The problem: In the entries below, find the line with "unfold ln. destruct" and print exactly every line from there up to and including the line with "Proof. intros Hx.", with no other lines.

(Stored data entries)
◇ ◇ ◇ ◇

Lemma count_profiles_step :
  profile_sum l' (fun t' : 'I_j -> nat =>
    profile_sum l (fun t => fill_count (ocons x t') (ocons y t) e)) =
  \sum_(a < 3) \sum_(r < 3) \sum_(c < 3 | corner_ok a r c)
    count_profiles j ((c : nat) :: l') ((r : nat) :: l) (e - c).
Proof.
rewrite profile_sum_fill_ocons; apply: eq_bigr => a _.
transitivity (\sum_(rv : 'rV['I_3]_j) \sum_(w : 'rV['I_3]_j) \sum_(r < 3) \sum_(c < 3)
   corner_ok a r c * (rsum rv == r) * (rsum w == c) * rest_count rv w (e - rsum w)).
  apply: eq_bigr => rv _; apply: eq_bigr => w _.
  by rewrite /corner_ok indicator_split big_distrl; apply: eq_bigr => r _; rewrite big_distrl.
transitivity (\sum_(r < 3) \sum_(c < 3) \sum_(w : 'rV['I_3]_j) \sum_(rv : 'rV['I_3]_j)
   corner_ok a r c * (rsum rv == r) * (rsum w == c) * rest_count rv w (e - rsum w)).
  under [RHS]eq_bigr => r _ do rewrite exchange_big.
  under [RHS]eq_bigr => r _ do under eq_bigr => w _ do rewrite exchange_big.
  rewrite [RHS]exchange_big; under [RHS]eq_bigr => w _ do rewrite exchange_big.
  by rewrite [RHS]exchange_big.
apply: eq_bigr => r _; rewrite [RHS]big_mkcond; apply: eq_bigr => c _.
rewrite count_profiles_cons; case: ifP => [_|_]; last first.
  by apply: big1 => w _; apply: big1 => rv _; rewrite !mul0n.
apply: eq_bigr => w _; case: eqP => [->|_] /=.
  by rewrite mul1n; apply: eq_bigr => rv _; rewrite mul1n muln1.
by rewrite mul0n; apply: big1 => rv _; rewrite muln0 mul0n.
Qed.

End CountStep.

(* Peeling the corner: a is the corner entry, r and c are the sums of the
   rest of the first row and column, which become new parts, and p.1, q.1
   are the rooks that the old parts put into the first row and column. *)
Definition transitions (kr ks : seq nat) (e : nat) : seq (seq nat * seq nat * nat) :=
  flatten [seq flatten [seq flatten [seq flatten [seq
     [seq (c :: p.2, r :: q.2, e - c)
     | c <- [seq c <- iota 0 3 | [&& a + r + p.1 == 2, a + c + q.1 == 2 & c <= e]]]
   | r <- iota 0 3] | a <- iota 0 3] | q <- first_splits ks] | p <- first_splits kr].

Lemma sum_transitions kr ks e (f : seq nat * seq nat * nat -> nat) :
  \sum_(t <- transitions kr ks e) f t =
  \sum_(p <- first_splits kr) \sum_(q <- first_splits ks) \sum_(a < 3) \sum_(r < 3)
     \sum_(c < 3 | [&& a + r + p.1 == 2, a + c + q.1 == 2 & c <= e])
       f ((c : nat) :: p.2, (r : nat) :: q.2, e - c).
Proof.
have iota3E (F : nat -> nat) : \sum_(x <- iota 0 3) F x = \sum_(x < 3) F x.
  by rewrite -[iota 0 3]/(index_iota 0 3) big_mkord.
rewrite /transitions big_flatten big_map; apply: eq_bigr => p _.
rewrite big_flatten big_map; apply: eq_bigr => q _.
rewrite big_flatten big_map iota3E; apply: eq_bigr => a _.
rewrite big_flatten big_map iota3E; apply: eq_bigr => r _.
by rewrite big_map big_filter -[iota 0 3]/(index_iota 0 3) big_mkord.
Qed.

◇ ◇ ◇ ◇

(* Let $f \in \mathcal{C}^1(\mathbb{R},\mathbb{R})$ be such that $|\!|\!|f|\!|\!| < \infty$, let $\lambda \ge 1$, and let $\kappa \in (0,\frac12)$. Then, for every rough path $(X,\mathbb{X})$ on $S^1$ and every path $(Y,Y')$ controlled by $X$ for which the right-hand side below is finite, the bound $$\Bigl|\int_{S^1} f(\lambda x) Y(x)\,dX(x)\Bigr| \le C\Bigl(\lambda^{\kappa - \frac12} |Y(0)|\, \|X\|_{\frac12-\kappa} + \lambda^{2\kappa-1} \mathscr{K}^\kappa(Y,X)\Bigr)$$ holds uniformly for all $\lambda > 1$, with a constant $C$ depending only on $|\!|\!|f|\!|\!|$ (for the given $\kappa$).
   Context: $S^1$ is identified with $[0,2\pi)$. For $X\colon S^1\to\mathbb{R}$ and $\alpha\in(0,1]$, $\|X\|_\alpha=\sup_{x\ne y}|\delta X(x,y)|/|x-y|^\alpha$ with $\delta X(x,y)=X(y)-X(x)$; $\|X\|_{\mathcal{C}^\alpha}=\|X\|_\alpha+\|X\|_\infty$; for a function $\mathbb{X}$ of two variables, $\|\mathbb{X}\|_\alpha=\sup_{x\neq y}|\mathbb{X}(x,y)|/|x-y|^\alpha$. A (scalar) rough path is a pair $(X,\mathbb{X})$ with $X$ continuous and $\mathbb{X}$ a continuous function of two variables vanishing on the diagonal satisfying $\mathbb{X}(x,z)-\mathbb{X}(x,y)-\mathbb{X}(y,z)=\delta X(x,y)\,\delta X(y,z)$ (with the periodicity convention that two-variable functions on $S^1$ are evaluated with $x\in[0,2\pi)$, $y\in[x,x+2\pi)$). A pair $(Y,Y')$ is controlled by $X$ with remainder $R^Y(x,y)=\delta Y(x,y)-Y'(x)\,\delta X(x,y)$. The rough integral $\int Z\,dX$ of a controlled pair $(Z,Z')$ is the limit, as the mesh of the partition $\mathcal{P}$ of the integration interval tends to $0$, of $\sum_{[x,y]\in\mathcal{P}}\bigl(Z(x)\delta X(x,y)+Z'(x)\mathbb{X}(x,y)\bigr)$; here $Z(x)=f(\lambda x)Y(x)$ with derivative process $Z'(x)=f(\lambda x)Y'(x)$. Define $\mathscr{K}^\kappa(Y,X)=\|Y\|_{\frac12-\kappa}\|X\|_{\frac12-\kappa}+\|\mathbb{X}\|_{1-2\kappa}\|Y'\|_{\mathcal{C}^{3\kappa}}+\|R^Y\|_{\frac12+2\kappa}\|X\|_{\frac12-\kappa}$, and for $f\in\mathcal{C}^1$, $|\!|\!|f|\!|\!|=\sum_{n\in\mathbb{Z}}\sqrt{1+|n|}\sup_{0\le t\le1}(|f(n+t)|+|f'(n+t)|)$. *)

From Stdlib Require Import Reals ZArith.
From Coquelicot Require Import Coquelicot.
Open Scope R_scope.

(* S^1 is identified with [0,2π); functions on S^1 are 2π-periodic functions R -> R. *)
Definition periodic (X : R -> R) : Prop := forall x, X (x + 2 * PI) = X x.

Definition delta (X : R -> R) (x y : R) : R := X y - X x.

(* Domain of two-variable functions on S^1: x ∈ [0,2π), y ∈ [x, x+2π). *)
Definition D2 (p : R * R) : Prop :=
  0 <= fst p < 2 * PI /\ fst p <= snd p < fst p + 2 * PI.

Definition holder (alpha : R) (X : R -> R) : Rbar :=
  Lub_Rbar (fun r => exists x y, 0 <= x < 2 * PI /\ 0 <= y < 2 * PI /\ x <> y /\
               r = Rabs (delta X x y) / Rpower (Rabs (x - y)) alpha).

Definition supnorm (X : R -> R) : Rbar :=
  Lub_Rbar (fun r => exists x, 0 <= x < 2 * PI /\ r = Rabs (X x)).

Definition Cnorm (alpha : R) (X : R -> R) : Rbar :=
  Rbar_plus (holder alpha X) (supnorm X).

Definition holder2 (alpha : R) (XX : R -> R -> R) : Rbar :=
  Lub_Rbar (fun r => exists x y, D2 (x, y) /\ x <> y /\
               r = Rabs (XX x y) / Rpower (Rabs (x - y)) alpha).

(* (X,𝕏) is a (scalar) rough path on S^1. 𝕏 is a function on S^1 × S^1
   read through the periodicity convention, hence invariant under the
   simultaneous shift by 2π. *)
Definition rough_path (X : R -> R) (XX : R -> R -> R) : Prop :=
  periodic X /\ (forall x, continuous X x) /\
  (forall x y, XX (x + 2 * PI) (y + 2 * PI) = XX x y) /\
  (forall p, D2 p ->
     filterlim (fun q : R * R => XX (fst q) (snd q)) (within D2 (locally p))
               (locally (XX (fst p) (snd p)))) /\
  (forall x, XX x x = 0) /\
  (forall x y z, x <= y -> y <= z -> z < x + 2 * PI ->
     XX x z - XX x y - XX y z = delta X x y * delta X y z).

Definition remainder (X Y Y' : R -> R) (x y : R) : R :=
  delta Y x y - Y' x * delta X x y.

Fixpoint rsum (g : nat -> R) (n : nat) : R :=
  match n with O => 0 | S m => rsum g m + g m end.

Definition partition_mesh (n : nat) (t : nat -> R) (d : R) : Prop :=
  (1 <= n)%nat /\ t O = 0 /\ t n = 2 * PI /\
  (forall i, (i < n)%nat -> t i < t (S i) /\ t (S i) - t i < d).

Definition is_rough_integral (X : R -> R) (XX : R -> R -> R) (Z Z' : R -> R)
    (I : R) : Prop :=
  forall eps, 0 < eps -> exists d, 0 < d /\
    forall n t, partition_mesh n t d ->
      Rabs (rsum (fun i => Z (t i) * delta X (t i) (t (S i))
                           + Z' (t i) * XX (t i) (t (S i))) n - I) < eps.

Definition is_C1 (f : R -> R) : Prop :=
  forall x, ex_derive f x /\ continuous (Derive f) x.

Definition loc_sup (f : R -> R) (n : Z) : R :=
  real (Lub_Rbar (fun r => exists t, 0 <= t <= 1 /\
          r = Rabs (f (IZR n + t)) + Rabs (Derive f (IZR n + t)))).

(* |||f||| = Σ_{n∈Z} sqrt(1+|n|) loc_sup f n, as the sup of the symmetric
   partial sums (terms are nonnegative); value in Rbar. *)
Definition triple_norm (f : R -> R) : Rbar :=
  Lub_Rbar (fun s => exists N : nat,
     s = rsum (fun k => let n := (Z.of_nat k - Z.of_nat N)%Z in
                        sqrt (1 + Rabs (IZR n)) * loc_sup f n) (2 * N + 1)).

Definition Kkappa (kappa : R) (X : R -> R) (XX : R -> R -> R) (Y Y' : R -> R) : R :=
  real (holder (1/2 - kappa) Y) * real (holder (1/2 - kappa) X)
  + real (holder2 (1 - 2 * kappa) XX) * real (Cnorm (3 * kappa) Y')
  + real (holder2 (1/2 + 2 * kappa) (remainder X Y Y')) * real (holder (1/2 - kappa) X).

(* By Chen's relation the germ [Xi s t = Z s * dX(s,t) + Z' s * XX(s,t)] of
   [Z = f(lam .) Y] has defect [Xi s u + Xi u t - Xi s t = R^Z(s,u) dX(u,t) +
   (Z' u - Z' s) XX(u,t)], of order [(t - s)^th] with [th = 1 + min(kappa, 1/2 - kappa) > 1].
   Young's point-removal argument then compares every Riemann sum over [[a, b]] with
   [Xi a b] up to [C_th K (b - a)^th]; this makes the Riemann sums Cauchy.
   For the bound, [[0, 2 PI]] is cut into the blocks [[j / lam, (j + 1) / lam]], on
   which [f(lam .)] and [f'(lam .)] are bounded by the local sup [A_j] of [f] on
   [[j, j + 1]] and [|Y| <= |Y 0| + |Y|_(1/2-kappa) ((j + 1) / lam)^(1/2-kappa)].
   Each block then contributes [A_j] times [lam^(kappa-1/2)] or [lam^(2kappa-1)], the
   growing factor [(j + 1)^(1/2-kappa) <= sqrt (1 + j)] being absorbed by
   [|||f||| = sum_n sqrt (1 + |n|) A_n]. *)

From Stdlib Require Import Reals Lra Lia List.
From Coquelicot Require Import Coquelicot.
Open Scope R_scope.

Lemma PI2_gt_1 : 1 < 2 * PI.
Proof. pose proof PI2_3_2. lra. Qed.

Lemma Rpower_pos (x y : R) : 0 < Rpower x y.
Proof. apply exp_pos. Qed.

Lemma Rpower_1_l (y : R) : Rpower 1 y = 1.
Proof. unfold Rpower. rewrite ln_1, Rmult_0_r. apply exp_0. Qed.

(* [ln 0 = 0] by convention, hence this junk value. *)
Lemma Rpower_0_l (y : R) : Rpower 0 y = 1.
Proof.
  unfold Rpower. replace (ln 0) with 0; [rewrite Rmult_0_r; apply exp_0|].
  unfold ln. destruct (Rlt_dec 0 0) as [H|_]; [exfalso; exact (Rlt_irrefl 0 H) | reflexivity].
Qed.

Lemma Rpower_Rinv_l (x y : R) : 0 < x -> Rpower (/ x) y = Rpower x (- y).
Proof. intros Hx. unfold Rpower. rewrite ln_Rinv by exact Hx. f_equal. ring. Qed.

◇ ◇ ◇ ◇

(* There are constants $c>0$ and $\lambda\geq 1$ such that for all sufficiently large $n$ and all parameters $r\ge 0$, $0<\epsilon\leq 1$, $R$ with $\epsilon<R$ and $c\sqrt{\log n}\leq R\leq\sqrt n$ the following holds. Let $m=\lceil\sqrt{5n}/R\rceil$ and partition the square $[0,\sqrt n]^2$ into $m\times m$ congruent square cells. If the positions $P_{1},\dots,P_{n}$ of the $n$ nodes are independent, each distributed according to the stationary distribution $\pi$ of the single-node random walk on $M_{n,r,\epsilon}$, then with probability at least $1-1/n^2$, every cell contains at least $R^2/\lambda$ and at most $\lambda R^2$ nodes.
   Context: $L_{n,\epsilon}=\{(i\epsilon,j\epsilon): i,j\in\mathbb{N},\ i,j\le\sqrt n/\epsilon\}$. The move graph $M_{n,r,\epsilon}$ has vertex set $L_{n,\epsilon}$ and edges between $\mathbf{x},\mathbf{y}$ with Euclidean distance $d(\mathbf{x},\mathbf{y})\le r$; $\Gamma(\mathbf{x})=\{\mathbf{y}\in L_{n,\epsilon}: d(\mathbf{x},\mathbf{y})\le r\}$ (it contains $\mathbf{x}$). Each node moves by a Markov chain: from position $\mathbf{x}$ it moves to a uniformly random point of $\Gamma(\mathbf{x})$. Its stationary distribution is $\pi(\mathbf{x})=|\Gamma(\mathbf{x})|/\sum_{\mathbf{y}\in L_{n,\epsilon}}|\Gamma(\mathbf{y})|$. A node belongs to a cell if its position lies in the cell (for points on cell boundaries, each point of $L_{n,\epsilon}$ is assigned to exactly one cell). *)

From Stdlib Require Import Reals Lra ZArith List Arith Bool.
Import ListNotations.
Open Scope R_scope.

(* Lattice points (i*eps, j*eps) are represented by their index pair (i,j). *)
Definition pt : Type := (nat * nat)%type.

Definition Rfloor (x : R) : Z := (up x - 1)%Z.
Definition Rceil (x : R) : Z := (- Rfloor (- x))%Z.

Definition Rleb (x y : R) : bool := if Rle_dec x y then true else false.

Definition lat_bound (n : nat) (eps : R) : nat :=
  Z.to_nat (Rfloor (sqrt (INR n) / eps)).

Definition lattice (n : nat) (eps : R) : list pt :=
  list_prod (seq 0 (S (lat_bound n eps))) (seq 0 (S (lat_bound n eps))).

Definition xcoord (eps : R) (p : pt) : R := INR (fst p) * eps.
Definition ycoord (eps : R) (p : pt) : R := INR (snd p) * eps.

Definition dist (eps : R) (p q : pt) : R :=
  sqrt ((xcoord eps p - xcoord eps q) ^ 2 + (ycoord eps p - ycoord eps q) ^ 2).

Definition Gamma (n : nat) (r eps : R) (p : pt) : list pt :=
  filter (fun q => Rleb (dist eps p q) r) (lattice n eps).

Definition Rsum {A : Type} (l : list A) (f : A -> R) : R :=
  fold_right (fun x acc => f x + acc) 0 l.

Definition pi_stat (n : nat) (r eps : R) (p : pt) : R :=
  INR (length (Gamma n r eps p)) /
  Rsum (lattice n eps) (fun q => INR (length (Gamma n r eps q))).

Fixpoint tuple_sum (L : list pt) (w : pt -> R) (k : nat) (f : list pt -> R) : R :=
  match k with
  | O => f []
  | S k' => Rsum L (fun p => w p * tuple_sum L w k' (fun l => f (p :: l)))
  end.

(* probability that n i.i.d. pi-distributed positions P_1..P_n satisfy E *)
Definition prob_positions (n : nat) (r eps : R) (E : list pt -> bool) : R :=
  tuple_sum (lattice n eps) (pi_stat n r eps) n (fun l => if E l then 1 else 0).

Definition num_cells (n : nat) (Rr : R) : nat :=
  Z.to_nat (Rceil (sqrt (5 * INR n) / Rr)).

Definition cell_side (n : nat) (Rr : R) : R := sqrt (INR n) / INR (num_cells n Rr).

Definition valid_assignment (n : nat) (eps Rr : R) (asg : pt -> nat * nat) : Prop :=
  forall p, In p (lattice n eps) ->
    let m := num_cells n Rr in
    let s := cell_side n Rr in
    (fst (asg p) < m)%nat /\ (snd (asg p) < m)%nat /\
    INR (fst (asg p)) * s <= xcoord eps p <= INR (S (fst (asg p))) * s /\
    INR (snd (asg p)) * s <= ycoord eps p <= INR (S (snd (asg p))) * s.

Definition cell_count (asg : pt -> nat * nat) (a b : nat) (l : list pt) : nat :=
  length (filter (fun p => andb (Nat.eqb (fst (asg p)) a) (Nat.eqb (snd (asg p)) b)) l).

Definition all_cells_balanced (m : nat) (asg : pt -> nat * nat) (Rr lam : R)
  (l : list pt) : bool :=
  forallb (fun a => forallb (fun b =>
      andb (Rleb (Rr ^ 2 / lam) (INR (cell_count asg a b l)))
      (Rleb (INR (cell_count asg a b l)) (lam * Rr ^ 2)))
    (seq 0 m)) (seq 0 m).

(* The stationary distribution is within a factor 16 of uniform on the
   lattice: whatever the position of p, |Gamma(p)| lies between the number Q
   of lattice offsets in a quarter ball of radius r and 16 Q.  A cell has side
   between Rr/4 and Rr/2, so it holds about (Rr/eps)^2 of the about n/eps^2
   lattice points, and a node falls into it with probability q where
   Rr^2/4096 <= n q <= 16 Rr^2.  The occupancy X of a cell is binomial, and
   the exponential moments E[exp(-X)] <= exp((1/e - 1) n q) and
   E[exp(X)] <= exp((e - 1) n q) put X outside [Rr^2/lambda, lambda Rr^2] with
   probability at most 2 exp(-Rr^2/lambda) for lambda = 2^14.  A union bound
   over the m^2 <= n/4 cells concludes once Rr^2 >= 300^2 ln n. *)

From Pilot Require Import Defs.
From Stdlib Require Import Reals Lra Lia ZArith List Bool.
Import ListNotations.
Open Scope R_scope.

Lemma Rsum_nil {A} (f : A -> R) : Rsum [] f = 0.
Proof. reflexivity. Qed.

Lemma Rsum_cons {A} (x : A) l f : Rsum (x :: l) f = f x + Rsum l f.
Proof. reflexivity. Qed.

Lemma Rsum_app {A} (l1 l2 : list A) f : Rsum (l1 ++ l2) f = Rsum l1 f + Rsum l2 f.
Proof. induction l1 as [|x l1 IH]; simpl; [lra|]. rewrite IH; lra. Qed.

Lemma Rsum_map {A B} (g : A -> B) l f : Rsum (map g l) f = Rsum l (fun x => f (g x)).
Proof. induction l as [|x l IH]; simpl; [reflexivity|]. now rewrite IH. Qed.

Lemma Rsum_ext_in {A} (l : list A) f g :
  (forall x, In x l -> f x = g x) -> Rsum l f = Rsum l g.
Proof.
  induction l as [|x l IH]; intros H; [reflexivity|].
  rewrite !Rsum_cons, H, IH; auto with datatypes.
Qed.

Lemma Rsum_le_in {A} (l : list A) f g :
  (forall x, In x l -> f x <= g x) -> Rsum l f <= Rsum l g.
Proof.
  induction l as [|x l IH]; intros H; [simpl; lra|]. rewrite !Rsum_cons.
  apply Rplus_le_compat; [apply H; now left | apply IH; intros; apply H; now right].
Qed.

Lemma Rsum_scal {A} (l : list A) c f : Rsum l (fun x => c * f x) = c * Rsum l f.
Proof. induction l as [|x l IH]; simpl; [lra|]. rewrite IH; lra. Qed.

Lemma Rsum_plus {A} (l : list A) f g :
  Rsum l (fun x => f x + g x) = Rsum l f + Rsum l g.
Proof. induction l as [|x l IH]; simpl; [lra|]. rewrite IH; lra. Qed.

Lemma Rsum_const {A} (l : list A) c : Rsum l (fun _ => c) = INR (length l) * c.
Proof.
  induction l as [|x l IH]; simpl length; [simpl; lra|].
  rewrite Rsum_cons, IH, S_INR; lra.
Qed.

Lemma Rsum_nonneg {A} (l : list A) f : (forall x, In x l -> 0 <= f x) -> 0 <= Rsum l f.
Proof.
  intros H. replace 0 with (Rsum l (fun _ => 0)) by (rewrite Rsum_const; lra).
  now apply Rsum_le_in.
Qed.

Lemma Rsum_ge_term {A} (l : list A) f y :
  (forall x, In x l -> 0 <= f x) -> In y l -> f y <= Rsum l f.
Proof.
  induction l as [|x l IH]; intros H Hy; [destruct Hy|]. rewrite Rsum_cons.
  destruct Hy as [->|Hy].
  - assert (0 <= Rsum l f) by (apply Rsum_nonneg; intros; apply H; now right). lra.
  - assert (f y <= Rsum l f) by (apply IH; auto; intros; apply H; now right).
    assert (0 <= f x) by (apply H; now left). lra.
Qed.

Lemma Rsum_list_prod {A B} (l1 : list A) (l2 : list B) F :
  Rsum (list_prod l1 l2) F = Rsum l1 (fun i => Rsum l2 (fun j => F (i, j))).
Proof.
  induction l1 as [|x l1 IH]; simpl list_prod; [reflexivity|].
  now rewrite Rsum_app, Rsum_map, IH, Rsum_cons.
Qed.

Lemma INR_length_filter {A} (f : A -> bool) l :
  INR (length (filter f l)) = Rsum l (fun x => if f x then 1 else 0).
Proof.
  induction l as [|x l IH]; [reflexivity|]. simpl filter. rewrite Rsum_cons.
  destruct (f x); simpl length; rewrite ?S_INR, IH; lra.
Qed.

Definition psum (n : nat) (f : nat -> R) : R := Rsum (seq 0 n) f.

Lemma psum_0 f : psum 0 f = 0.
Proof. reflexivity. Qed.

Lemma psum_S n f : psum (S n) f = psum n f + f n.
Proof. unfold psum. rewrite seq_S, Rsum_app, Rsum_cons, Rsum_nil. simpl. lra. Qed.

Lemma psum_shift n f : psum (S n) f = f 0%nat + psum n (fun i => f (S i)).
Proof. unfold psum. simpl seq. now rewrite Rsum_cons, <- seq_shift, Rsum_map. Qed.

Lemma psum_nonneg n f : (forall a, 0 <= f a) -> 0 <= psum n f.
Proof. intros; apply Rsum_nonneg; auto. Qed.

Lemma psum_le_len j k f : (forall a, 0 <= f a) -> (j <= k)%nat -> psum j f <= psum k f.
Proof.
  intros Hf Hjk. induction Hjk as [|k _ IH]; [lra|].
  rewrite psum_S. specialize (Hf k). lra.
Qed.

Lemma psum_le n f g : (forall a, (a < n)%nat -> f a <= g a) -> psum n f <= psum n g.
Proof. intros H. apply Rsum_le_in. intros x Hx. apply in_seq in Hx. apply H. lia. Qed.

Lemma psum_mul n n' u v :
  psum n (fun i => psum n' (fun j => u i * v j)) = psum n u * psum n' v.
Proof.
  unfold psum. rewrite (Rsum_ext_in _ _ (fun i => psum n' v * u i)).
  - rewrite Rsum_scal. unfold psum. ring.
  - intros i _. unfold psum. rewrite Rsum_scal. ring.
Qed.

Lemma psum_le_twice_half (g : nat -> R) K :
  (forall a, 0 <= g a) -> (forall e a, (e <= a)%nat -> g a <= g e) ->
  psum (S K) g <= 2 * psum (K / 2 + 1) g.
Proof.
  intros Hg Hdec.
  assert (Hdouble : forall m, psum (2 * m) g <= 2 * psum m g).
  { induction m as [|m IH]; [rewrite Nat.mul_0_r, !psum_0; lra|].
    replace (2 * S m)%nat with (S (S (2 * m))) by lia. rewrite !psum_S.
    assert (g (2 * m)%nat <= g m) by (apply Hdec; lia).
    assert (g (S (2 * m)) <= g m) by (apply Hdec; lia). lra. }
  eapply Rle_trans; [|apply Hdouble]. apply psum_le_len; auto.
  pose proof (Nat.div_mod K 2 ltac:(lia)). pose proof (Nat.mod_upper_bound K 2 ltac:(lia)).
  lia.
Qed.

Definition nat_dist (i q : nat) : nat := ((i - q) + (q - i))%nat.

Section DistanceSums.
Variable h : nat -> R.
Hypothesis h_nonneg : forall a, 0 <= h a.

◇ ◇ ◇ ◇

Result of this task:
  unfold ln. destruct (Rlt_dec 0 0) as [H|_]; [exfalso; exact (Rlt_irrefl 0 H) | reflexivity].
Qed.

Lemma Rpower_Rinv_l (x y : R) : 0 < x -> Rpower (/ x) y = Rpower x (- y).
Proof. intros Hx. unfold Rpower. rewrite ln_Rinv by exact Hx. f_equal. ring. Qed.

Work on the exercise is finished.